== What this task involves ==
Identify every line in the records below that contains the word "eqxx", and reproduce each one.
════
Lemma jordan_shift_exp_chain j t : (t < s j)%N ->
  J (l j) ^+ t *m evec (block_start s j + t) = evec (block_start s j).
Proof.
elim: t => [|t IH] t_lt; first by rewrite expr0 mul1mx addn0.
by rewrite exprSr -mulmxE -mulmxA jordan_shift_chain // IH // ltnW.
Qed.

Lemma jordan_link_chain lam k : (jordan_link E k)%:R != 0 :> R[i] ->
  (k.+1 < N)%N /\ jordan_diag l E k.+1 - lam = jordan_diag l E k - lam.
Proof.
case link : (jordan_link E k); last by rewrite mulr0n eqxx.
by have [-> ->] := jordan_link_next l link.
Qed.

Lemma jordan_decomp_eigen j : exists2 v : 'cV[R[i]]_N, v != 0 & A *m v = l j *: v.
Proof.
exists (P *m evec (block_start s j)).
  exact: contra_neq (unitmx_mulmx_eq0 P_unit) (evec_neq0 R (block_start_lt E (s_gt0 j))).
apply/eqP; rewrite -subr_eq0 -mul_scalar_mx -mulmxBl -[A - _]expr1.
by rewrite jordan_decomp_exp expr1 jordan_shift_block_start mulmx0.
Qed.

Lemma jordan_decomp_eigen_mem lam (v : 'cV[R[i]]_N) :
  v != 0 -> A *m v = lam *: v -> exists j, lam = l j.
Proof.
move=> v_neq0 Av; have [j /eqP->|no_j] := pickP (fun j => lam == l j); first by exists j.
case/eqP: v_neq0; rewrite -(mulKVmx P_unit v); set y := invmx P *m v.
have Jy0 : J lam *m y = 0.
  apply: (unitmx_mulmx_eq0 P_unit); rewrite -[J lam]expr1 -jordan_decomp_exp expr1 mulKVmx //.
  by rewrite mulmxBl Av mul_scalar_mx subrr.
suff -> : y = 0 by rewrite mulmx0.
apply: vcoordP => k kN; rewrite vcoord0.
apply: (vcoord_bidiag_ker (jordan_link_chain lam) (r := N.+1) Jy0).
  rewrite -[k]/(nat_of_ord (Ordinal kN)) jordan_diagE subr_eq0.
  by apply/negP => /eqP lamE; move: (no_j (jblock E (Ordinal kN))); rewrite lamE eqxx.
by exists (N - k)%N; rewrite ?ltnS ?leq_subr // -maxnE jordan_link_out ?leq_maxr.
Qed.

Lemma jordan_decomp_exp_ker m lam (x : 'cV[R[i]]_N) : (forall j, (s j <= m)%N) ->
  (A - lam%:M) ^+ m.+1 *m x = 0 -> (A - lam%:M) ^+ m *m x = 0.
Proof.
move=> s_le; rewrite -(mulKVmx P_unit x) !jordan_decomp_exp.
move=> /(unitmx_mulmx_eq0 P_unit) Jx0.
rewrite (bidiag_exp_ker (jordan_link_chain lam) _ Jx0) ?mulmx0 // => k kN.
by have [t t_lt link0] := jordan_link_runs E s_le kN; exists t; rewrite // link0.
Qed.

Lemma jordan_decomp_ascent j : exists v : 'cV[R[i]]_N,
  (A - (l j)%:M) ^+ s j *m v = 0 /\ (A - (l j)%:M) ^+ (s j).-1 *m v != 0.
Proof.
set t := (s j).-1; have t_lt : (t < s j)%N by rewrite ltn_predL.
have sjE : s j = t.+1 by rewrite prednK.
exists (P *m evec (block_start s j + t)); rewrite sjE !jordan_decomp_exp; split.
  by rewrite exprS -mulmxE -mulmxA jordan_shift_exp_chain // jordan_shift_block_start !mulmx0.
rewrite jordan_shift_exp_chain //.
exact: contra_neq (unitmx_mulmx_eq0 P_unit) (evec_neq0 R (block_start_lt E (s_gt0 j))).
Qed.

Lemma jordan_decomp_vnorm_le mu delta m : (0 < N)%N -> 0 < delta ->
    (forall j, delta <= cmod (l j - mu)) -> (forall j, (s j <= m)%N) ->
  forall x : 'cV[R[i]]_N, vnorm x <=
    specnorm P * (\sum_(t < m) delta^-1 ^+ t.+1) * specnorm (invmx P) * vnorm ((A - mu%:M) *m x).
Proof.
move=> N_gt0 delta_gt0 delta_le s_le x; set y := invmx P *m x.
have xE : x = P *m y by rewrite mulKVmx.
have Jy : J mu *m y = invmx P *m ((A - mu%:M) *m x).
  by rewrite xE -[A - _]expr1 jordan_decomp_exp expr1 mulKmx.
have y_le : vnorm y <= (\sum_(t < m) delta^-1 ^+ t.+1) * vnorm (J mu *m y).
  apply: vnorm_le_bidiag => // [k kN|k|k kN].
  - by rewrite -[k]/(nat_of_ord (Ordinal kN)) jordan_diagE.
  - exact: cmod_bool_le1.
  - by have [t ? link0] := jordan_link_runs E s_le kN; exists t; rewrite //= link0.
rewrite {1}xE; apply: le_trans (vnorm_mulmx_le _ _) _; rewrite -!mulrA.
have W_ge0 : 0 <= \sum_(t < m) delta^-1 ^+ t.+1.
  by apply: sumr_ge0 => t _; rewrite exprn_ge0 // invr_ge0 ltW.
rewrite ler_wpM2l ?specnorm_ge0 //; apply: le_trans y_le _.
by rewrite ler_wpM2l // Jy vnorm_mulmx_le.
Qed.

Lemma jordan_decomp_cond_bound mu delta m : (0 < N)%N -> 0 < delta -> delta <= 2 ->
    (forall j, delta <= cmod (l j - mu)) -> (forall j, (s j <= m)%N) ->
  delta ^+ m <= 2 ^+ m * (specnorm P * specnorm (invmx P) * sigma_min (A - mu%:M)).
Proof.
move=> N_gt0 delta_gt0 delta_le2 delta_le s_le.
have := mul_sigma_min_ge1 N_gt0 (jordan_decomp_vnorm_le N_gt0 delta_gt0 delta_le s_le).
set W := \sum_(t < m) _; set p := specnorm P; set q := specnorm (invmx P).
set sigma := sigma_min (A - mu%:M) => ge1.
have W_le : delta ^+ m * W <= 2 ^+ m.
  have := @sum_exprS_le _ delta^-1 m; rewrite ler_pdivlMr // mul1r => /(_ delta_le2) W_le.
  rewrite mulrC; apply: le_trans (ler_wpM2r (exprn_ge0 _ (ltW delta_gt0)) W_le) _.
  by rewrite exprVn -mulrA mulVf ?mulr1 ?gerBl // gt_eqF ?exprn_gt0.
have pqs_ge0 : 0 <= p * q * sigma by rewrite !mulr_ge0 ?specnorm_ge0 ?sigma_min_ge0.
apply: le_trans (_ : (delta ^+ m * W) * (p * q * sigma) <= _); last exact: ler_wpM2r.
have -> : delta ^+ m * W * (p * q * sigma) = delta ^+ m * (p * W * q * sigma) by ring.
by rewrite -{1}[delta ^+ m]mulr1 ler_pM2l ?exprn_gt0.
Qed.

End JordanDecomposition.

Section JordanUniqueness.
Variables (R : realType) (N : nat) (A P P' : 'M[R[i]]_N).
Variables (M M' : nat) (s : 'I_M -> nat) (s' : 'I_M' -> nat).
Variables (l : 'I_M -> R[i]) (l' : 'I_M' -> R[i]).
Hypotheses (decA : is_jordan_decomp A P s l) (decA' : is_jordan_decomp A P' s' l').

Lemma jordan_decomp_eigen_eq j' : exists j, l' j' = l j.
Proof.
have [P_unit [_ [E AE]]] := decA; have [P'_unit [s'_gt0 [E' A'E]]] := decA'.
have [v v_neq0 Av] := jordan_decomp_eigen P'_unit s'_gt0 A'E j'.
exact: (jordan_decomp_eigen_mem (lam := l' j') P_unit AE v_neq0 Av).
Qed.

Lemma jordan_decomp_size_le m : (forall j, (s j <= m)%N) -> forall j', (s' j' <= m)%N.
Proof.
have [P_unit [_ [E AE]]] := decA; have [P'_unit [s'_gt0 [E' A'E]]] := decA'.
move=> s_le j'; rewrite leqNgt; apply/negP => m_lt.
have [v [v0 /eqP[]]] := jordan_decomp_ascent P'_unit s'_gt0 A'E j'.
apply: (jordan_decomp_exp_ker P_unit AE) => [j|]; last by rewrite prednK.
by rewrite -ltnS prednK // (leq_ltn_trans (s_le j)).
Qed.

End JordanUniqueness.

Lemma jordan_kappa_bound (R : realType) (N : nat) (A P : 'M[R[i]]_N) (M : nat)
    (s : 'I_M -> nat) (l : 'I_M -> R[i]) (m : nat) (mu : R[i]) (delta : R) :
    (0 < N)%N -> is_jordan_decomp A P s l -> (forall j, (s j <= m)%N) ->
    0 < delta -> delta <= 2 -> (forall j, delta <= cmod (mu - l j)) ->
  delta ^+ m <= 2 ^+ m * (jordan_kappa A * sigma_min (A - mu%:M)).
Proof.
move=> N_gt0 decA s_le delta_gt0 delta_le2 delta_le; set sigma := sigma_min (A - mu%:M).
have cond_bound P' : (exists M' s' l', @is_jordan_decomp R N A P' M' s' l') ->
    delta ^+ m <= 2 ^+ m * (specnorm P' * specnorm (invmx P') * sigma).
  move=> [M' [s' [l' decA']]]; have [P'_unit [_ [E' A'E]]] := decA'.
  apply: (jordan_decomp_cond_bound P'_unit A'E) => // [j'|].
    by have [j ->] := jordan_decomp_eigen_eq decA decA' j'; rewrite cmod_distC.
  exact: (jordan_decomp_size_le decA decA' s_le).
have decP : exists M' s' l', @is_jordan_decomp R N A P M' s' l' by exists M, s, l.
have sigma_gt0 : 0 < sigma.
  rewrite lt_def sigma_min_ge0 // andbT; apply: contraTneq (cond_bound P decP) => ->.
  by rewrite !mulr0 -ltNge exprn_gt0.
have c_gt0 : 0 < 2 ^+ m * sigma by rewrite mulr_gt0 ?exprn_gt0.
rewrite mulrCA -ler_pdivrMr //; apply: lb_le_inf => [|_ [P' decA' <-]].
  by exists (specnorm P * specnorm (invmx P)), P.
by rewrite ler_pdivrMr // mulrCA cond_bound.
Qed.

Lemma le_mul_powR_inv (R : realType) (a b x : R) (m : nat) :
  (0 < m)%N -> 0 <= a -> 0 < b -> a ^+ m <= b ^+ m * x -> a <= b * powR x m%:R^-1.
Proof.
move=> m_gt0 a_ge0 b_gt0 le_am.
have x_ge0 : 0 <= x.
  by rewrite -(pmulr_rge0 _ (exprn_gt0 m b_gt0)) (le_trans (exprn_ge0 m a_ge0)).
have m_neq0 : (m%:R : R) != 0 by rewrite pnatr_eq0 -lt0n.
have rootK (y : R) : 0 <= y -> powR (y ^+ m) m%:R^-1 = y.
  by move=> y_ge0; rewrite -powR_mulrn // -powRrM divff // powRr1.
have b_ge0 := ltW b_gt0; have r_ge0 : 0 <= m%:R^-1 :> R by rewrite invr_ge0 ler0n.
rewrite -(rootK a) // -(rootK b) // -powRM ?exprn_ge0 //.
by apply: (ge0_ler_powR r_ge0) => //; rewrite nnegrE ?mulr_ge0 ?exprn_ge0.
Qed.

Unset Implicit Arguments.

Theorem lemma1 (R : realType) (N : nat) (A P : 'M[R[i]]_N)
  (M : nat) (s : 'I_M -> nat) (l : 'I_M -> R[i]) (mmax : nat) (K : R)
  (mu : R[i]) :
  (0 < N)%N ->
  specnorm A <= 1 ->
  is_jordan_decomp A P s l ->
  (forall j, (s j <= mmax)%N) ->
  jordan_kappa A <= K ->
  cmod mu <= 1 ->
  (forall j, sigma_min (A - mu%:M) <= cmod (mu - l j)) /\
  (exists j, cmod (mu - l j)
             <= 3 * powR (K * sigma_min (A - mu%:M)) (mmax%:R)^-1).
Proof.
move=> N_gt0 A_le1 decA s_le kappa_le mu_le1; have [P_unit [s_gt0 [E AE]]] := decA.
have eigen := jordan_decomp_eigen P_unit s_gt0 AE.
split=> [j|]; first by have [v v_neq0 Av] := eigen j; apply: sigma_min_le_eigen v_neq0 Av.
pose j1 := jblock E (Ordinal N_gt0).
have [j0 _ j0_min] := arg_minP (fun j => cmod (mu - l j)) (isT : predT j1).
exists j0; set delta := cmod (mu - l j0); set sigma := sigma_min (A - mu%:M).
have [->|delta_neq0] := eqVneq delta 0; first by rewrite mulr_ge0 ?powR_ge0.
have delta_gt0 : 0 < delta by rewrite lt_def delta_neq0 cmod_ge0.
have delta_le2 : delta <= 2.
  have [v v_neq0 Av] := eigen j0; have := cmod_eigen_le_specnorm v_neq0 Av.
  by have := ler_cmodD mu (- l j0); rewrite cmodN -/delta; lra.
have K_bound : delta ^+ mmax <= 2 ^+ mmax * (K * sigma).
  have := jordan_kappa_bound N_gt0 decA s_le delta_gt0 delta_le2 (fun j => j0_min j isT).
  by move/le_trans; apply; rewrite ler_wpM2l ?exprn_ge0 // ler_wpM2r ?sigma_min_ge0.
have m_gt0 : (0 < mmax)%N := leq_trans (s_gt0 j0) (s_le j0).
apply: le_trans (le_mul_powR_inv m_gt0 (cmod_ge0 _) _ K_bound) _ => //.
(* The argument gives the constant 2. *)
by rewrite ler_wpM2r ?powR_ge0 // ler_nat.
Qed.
════
== Answer space ==
case link : (jordan_link E k); last by rewrite mulr0n eqxx.
  by apply/negP => /eqP lamE; move: (no_j (jblock E (Ordinal kN))); rewrite lamE eqxx.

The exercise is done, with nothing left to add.